[Dataset records]
-------------------------
(* Let $G$ be a nilpotent group of class $5$. Then for all $g_1,g_2,h_1,h_2\in G$ and all $n\in\mathbb{N}$, in $G\wedge G$, $$((g_1\wedge h_1)(g_2\wedge h_2))^n = ([g_2,h_2]\wedge [[g_2,h_2],[g_1,h_1]])^{\binom{n}{3}} ([g_1,h_1]\wedge [[g_2,h_2],[g_1,h_1]])^{2\binom{n}{3}+\binom{n}{2}} ([g_2,h_2]\wedge [g_1,h_1])^{\binom{n}{2}} (g_1\wedge h_1)^n (g_2\wedge h_2)^n.$$
   Context: Conventions: ${}^g h = ghg^{-1}$, $[g,h]=ghg^{-1}h^{-1}$; $\binom{n}{r}=0$ if $r>n$. The nonabelian tensor square $G\otimes G$ is generated by symbols $g\otimes h$ subject to $gg'\otimes h=({}^g g'\otimes {}^g h)(g\otimes h)$ and $g\otimes hh'=(g\otimes h)({}^h g\otimes {}^h h')$; the exterior square $G\wedge G$ is its quotient by the subgroup generated by all $x\otimes x$, and $g\wedge h$ denotes the image of $g\otimes h$. *)

(* groups are arbitrary
   (possibly infinite), so they are given as an explicit record. *)
From mathcomp Require Import all_boot.
Set Implicit Arguments. Unset Strict Implicit. Unset Printing Implicit Defensive.

Record group := Group {
  carrier :> Type;
  gmul : carrier -> carrier -> carrier;
  gone : carrier;
  ginv : carrier -> carrier;
  gmulA : forall x y z, gmul x (gmul y z) = gmul (gmul x y) z;
  gmul1 : forall x, gmul gone x = x;
  gmulV : forall x, gmul (ginv x) x = gone
}.

Section GroupOps.
Variable G : group.

Fixpoint gpow (x : G) (n : nat) : G :=
  match n with 0 => gone G | n'.+1 => gmul x (gpow x n') end.

Definition gconj (g h : G) : G := gmul (gmul g h) (ginv g).

Definition gcomm (g h : G) : G :=
  gmul (gmul (gmul g h) (ginv g)) (ginv h).

Inductive gen (S : G -> Prop) : G -> Prop :=
| gen_in x : S x -> gen S x
| gen_one : gen S (gone G)
| gen_mul x y : gen S x -> gen S y -> gen S (gmul x y)
| gen_inv x : gen S x -> gen S (ginv x).

(* lower central series: lcs k = gamma_{k+1}(G);
   gamma_1 = G, gamma_{k+1} = [gamma_k, G]. *)
Fixpoint lcs (k : nat) : G -> Prop :=
  match k with
  | 0 => fun _ => True
  | k'.+1 => gen (fun z => exists x y, lcs k' x /\ z = gcomm x y)
  end.

Definition nilpotent_of_class (c : nat) : Prop :=
  forall x, lcs c x -> x = gone G.

(* An exterior pairing G x G -> W: a map satisfying the defining
   relations of the nonabelian exterior square G /\ G.  G /\ G is the
   universal such pairing, so an identity holds in G /\ G (between images
   of the generators g /\ h) iff it holds for every exterior pairing. *)
Definition exterior_pairing (W : group) (w : G -> G -> W) : Prop :=
  [/\ (forall g g' h, w (gmul g g') h = gmul (w (gconj g g') (gconj g h)) (w g h)),
      (forall g h h', w g (gmul h h') = gmul (w g h) (w (gconj h g) (gconj h h')))
    & (forall x, w x x = gone W)].

End GroupOps.

(* Write g/\h for w g h.  The two tensor relations already give the
   crossed-module identities (g/\h)(u/\v)(g/\h)^-1 = ^[g,h]u /\ ^[g,h]v and
   [g/\h, u/\v] = [g,h] /\ [u,v].  With a = g1/\h1, b = g2/\h2 and
   d = [c2,c1] this gives Z := [b,a] = c2/\c1, Y := [a,Z] = c1/\d and
   X := [b,Z] = c2/\d.  In class 5 the commutator c2 lies in the fourth centre,
   so d lies in the second centre and commutes with every commutator; hence X
   and Y commute with every u/\v.  The theorem is then the collection formula
   for (ab)^n in a group where b and a commute up to Z, a and Z up to Y, b and
   Z up to X, X commutes with a, b, Y, Z and Y commutes with a, Z. *)
From mathcomp Require Import all_boot.
From mathcomp Require Import zify.
Set Implicit Arguments. Unset Strict Implicit. Unset Printing Implicit Defensive.

Section GroupLaws.
Variable G : group.
Implicit Types x y z : G.

Lemma mulgV x : gmul x (ginv x) = gone G.
Proof.
rewrite -[gmul x (ginv x)]gmul1 -{1}(gmulV (ginv x)).
by rewrite -gmulA (gmulA (ginv x)) gmulV gmul1 gmulV.
Qed.

Lemma mulg1 x : gmul x (gone G) = x.
Proof. by rewrite -(gmulV x) gmulA mulgV gmul1. Qed.

Lemma mulKg x y : gmul (ginv x) (gmul x y) = y.
Proof. by rewrite gmulA gmulV gmul1. Qed.

Lemma mulKVg x y : gmul x (gmul (ginv x) y) = y.
Proof. by rewrite gmulA mulgV gmul1. Qed.

Lemma mulgI x : injective (@gmul G x).
Proof. by move=> y z e; rewrite -(mulKg x y) e mulKg. Qed.

Lemma mulIg x : injective ((@gmul G)^~ x).
Proof. by move=> y z /= e; rewrite -(mulg1 y) -(mulgV x) gmulA e -gmulA mulgV mulg1. Qed.

Lemma mulg_eqV x y z : gmul x y = z -> x = gmul z (ginv y).
Proof. by move=> <-; rewrite -gmulA mulgV mulg1. Qed.

Lemma invgK x : ginv (ginv x) = x.
Proof. by apply: (@mulgI (ginv x)); rewrite mulgV gmulV. Qed.

Lemma invMg x y : ginv (gmul x y) = gmul (ginv y) (ginv x).
Proof. by apply: (@mulgI (gmul x y)); rewrite mulgV -gmulA mulKVg mulgV. Qed.

Lemma invg1 : ginv (gone G) = gone G.
Proof. by rewrite -{2}(gmulV (gone G)) mulg1. Qed.

End GroupLaws.

Tactic Notation "gsimpl" := rewrite /gconj /gcomm;
  repeat progress rewrite -?gmulA ?gmul1 ?mulg1 ?gmulV ?mulgV ?mulKg ?mulKVg
    ?invMg ?invgK ?invg1.

Section UpperCentralSeries.
Variable G : group.
Implicit Types g h u x y : G.

Definition normal_subgroup (P : G -> Prop) :=
  [/\ P (gone G), (forall x y, P x -> P y -> P (gmul x y)),
      (forall x, P x -> P (ginv x)) & (forall g x, P x -> P (gconj g x))].

Lemma normal_center_mod P :
  normal_subgroup P -> normal_subgroup (fun x => forall y, P (gcomm x y)).
Proof.
case=> P1 PM PV PJ; split.
- by move=> y; have -> : gcomm (gone G) y = gone G by gsimpl.
- move=> x x' Px Px' y.
  have -> : gcomm (gmul x x') y = gmul (gconj x (gcomm x' y)) (gcomm x y) by gsimpl.
  exact/PM/Px/PJ.
- move=> x Px y.
  have -> : gcomm (ginv x) y = gconj (ginv x) (ginv (gcomm x y)) by gsimpl.
  exact/PJ/PV.
- move=> g x Px y.
  have -> : gcomm (gconj g x) y = gconj g (gcomm x (gconj (ginv g) y)) by gsimpl.
  exact: PJ.
Qed.

Fixpoint upper_central (k : nat) : G -> Prop :=
  match k with
  | 0 => fun x => x = gone G
  | k'.+1 => fun x => forall y, upper_central k' (gcomm x y)
  end.

Lemma normal_upper_central k : normal_subgroup (upper_central k).
Proof.
elim: k => [|k IHk] /=; last exact: normal_center_mod.
split=> //.
- by move=> x y -> ->; rewrite gmul1.
- by move=> x ->; rewrite invg1.
- by move=> g x ->; gsimpl.
Qed.

Lemma commg_comm_normal P u g h : normal_subgroup P ->
  (forall y z, P (gcomm (gcomm u y) z)) -> P (gcomm u (gcomm g h)).
Proof.
case=> _ PM _ PJ Pu.
have -> : gcomm u (gcomm g h) =
  gmul (gcomm (gcomm u g) (gmul g (gmul (gcomm u h) (gmul h (ginv g)))))
       (gconj g (gcomm (gcomm u h) (gmul h (gmul (ginv g) (ginv h))))) by gsimpl.
exact/PM/PJ.
Qed.

Lemma upper_central_commg_comm k u g h :
  upper_central k.+2 u -> upper_central k (gcomm u (gcomm g h)).
Proof. by move=> u_k2; apply: commg_comm_normal (normal_upper_central k) _. Qed.

Lemma lcs_upper_central c k j x :
  nilpotent_of_class G c -> k + j = c -> lcs k x -> upper_central j x.
Proof.
move=> nilG; elim: j k x => [|j IHj] k x /= kj_c lcs_x.
  by apply: nilG; rewrite -kj_c addn0.
move=> y; apply: (IHj k.+1); first by rewrite addSnnS.
by apply: gen_in; exists x, y.
Qed.

Lemma commgC x y : gcomm x y = ginv (gcomm y x).
Proof. by gsimpl. Qed.

End UpperCentralSeries.

Section TensorPairing.
Variables (G W : group) (w : G -> G -> W).
Hypothesis pairingMl :
  forall g g' h, w (gmul g g') h = gmul (w (gconj g g') (gconj g h)) (w g h).
Hypothesis pairingMr :
  forall g h h', w g (gmul h h') = gmul (w g h) (w (gconj h g) (gconj h h')).
Implicit Types g h u v x y : G.

Lemma pairing1l h : w (gone G) h = gone W.
Proof.
have := pairingMl (gone G) (gone G) h; gsimpl => e.
by apply: (@mulgI _ (w (gone G) h)); rewrite mulg1.
Qed.

Lemma pairingVl x y : w (ginv x) y = ginv (w x (gconj (ginv x) y)).
Proof.
have := pairingMl (ginv x) x y; rewrite gmulV pairing1l => e.
apply: (@mulgI _ (w x (gconj (ginv x) y))).
by rewrite mulgV e; congr (gmul (w _ _) _); gsimpl.
Qed.

Lemma pairing_mulJ_commg g h u v :
  gmul (w g h) (w u v) =
  gmul (w (gconj (gcomm g h) u) (gconj (gcomm g h) v)) (w g h).
Proof.
have expand g' h' :
    gmul (w g h) (w (gconj (gmul h g) g') (gconj (gmul h g) h')) =
    gmul (w (gconj (gmul g h) g') (gconj (gmul g h) h')) (w g h).
  (* Compare the two ways of expanding w (g g') (h h'). *)
  move: (pairingMr (gconj g g') (gconj g h) (gconj g h')) (pairingMr g h h')
    (pairingMl g g' (gmul h h')) (pairingMl g g' h)
    (pairingMl (gconj h g) (gconj h g') (gconj h h')) (pairingMr (gmul g g') h h').
  gsimpl => A2 A3 A1 B2 B3 B1.
  rewrite A2 A3 in A1; rewrite B2 B3 A1 in B1; move: B1; gsimpl.
  by move/mulgI; rewrite !gmulA => /mulIg; gsimpl.
have := expand (gconj (ginv (gmul h g)) u) (gconj (ginv (gmul h g)) v).
by gsimpl.
Qed.

Lemma pairing_comml g h y :
  w (gcomm g h) y = gmul (w g h) (ginv (w (gconj y g) (gconj y h))).
Proof.
move: (pairingMl g (gmul h (gmul (ginv g) (ginv h))) y)
  (pairingVl (gconj (gmul g h) g) (gconj g y)) (pairing_mulJ_commg g h (gconj h g) y)
  (pairingMr g y h) (pairingMr g h (gconj (ginv h) y)).
gsimpl => -> -> commute_gh expand_yh expand_hy.
rewrite -expand_hy expand_yh in commute_gh.
by rewrite (mulg_eqV commute_gh); gsimpl.
Qed.

Lemma commg_pairing g h u v : gcomm (w g h) (w u v) = w (gcomm g h) (gcomm u v).
Proof.
by rewrite pairing_comml (mulg_eqV (esym (pairing_mulJ_commg u v g h))); gsimpl.
Qed.

End TensorPairing.

Section Collection.
Variable W : group.
Implicit Types x y z : W.

Definition commute x y := gmul x y = gmul y x.

Lemma commute_sym x y : commute x y -> commute y x.
Proof. by []. Qed.

Lemma gpowD x m n : gpow x (m + n) = gmul (gpow x m) (gpow x n).
Proof. by elim: m => [|m IHm] /=; rewrite ?gmul1 // IHm gmulA. Qed.

Lemma commute_gpowr x y n : commute x y -> commute x (gpow y n).
Proof.
rewrite /commute => cxy; elim: n => [|n IHn] /=; first by rewrite gmul1 mulg1.
by rewrite gmulA cxy -gmulA IHn gmulA.
Qed.

Lemma commute_gpow x y m n : commute x y -> commute (gpow x m) (gpow y n).
Proof. by move=> cxy; apply/commute_sym/commute_gpowr/commute_sym/commute_gpowr. Qed.

Lemma gpowSr x n : gpow x n.+1 = gmul (gpow x n) x.
Proof. by rewrite /= (commute_gpowr n (erefl (gmul x x))). Qed.

Lemma mulgA_commute x y r : commute x y -> gmul y (gmul x r) = gmul x (gmul y r).
Proof. by move=> cxy; rewrite gmulA -cxy -gmulA. Qed.

Lemma commg_mul x y z : gcomm x y = z -> gmul x y = gmul z (gmul y x).
Proof. by move=> <-; gsimpl. Qed.

Lemma commg1_commute x y : gcomm x y = gone W -> commute x y.
Proof. by move/commg_mul; rewrite gmul1. Qed.

Lemma double_bin2_add n : 2 * 'C(n, 2) + n = n * n.
Proof. by elim: n => [|n IHn] //; rewrite binS bin1; lia. Qed.

Variables a b X Y Z : W.
Hypotheses (Zba : gcomm b a = Z) (YaZ : gcomm a Z = Y) (XbZ : gcomm b Z = X).
Hypotheses (cXa : commute X a) (cXb : commute X b) (cXZ : commute X Z)
  (cXY : commute X Y) (cYa : commute Y a) (cYZ : commute Y Z).

Lemma mulg_gpowZ (c : W) C n : gmul c Z = gmul C (gmul Z c) -> commute C Z ->
  gmul c (gpow Z n) = gmul (gpow C n) (gmul (gpow Z n) c).
Proof.
move=> cZ cCZ; elim: n => [|n IHn] /=; first by rewrite !gmul1 mulg1.
rewrite gmulA cZ -!gmulA IHn; congr (gmul _ _).
by rewrite gmulA (commute_gpowr n (commute_sym cCZ)) -gmulA.
Qed.

Lemma gpow_mul_ba n :
  gmul (gpow b n) a = gmul (gpow X 'C(n, 2)) (gmul (gpow Z n) (gmul a (gpow b n))).
Proof.
elim: n => [|n IHn] /=; first by rewrite !gmul1 mulg1.
rewrite -gmulA IHn gmulA (commute_gpowr _ (commute_sym cXb)) -gmulA (gmulA b).
rewrite (mulg_gpowZ _ (commg_mul XbZ) cXZ) binS bin1 gpowD -!gmulA.
congr (gmul _ _); congr (gmul _ _).
rewrite (gmulA b a) (commg_mul Zba) -!gmulA gmulA -(commute_gpowr n (erefl (gmul Z Z))).
by rewrite -!gmulA.
Qed.

Lemma gpow_mul_aZ m n :
  gmul (gpow a m) (gpow Z n) = gmul (gpow Y (m * n)) (gmul (gpow Z n) (gpow a m)).
Proof.
elim: m => [|m IHm] /=; first by rewrite !gmul1 mulg1.
rewrite -gmulA IHm gmulA (commute_gpowr _ (commute_sym cYa)) -gmulA (gmulA a).
by rewrite (mulg_gpowZ _ (commg_mul YaZ) cYZ) mulSnr gpowD -!gmulA.
Qed.

Lemma gpow_mul_collect n : gpow (gmul a b) n =
  gmul (gpow X 'C(n, 3))
  (gmul (gpow Y (2 * 'C(n, 3) + 'C(n, 2)))
  (gmul (gpow Z 'C(n, 2))
  (gmul (gpow a n) (gpow b n)))).
Proof.
elim: n => [|n IHn]; first by rewrite /= !gmul1.
have exps : 2 * ('C(n, 3) + 'C(n, 2)) + ('C(n, 2) + n) =
            (2 * 'C(n, 3) + 'C(n, 2)) + n * n by have := double_bin2_add n; lia.
rewrite gpowSr IHn -!gmulA (gmulA (gpow b n) a) gpow_mul_ba.
rewrite !binS bin1 exps (gpowD X) (gpowD Y (2 * _ + _)) (gpowD Z) !gpowSr -!gmulA.
congr (gmul _ _).
rewrite (mulgA_commute _ (commute_gpow _ _ cXa)) (mulgA_commute _ (commute_gpow _ _ cXZ)).
rewrite (mulgA_commute _ (commute_gpow _ _ cXY)); congr (gmul _ _); congr (gmul _ _).
rewrite (gmulA (gpow a n) (gpow Z n)) gpow_mul_aZ -!gmulA.
by rewrite (mulgA_commute _ (commute_gpow _ _ cYZ)) (gmulA (gpow a n) a) -gpowSr /= -!gmulA.
Qed.

End Collection.

Theorem theorem3p8 (G : group) (hG : nilpotent_of_class G 5)
  (W : group) (w : G -> G -> W) (hw : exterior_pairing w)
  (g1 g2 h1 h2 : G) (n : nat) :
  let c1 := gcomm g1 h1 in
  let c2 := gcomm g2 h2 in
  gpow (gmul (w g1 h1) (w g2 h2)) n =
  gmul (gpow (w c2 (gcomm c2 c1)) 'C(n, 3))
  (gmul (gpow (w c1 (gcomm c2 c1)) (2 * 'C(n, 3) + 'C(n, 2)))
  (gmul (gpow (w c2 c1) 'C(n, 2))
  (gmul (gpow (w g1 h1) n) (gpow (w g2 h2) n)))).
Proof.
move=> c1 c2; case: hw => wMl wMr _; set d := gcomm c2 c1.
have c2_Z4 : upper_central 4 c2.
  by apply: (lcs_upper_central (k := 1) hG) => //; apply: gen_in; exists g2, h2.
have d_Z2 : upper_central 2 d by apply: upper_central_commg_comm.
have cd_1 g h : gcomm (gcomm g h) d = gone G.
  by rewrite commgC (upper_central_commg_comm g h d_Z2) invg1.
have wC := commg_pairing wMl wMr.
have cwd x u v : gcomm x d = gone G -> commute (w x d) (w u v).
  by move=> xd_1; apply: commg1_commute; rewrite wC xd_1 (pairing1l wMl).
by apply: gpow_mul_collect; rewrite ?wC //; apply: cwd; rewrite cd_1.
Qed.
-------------------------
EXERCISE:
In the data above, which lines lie between the line with "Z up to X, X" and the line with "Lemma mulIg x : injective ((@gmul G)^~ x).", inclusive? Print those lines exactly and nothing else.

ANSWER TO THE EXERCISE:
   Z up to X, X commutes with a, b, Y, Z and Y commutes with a, Z. *)
From mathcomp Require Import all_boot.
From mathcomp Require Import zify.
Set Implicit Arguments. Unset Strict Implicit. Unset Printing Implicit Defensive.

Section GroupLaws.
Variable G : group.
Implicit Types x y z : G.

Lemma mulgV x : gmul x (ginv x) = gone G.
Proof.
rewrite -[gmul x (ginv x)]gmul1 -{1}(gmulV (ginv x)).
by rewrite -gmulA (gmulA (ginv x)) gmulV gmul1 gmulV.
Qed.

Lemma mulg1 x : gmul x (gone G) = x.
Proof. by rewrite -(gmulV x) gmulA mulgV gmul1. Qed.

Lemma mulKg x y : gmul (ginv x) (gmul x y) = y.
Proof. by rewrite gmulA gmulV gmul1. Qed.

Lemma mulKVg x y : gmul x (gmul (ginv x) y) = y.
Proof. by rewrite gmulA mulgV gmul1. Qed.

Lemma mulgI x : injective (@gmul G x).
Proof. by move=> y z e; rewrite -(mulKg x y) e mulKg. Qed.

Lemma mulIg x : injective ((@gmul G)^~ x).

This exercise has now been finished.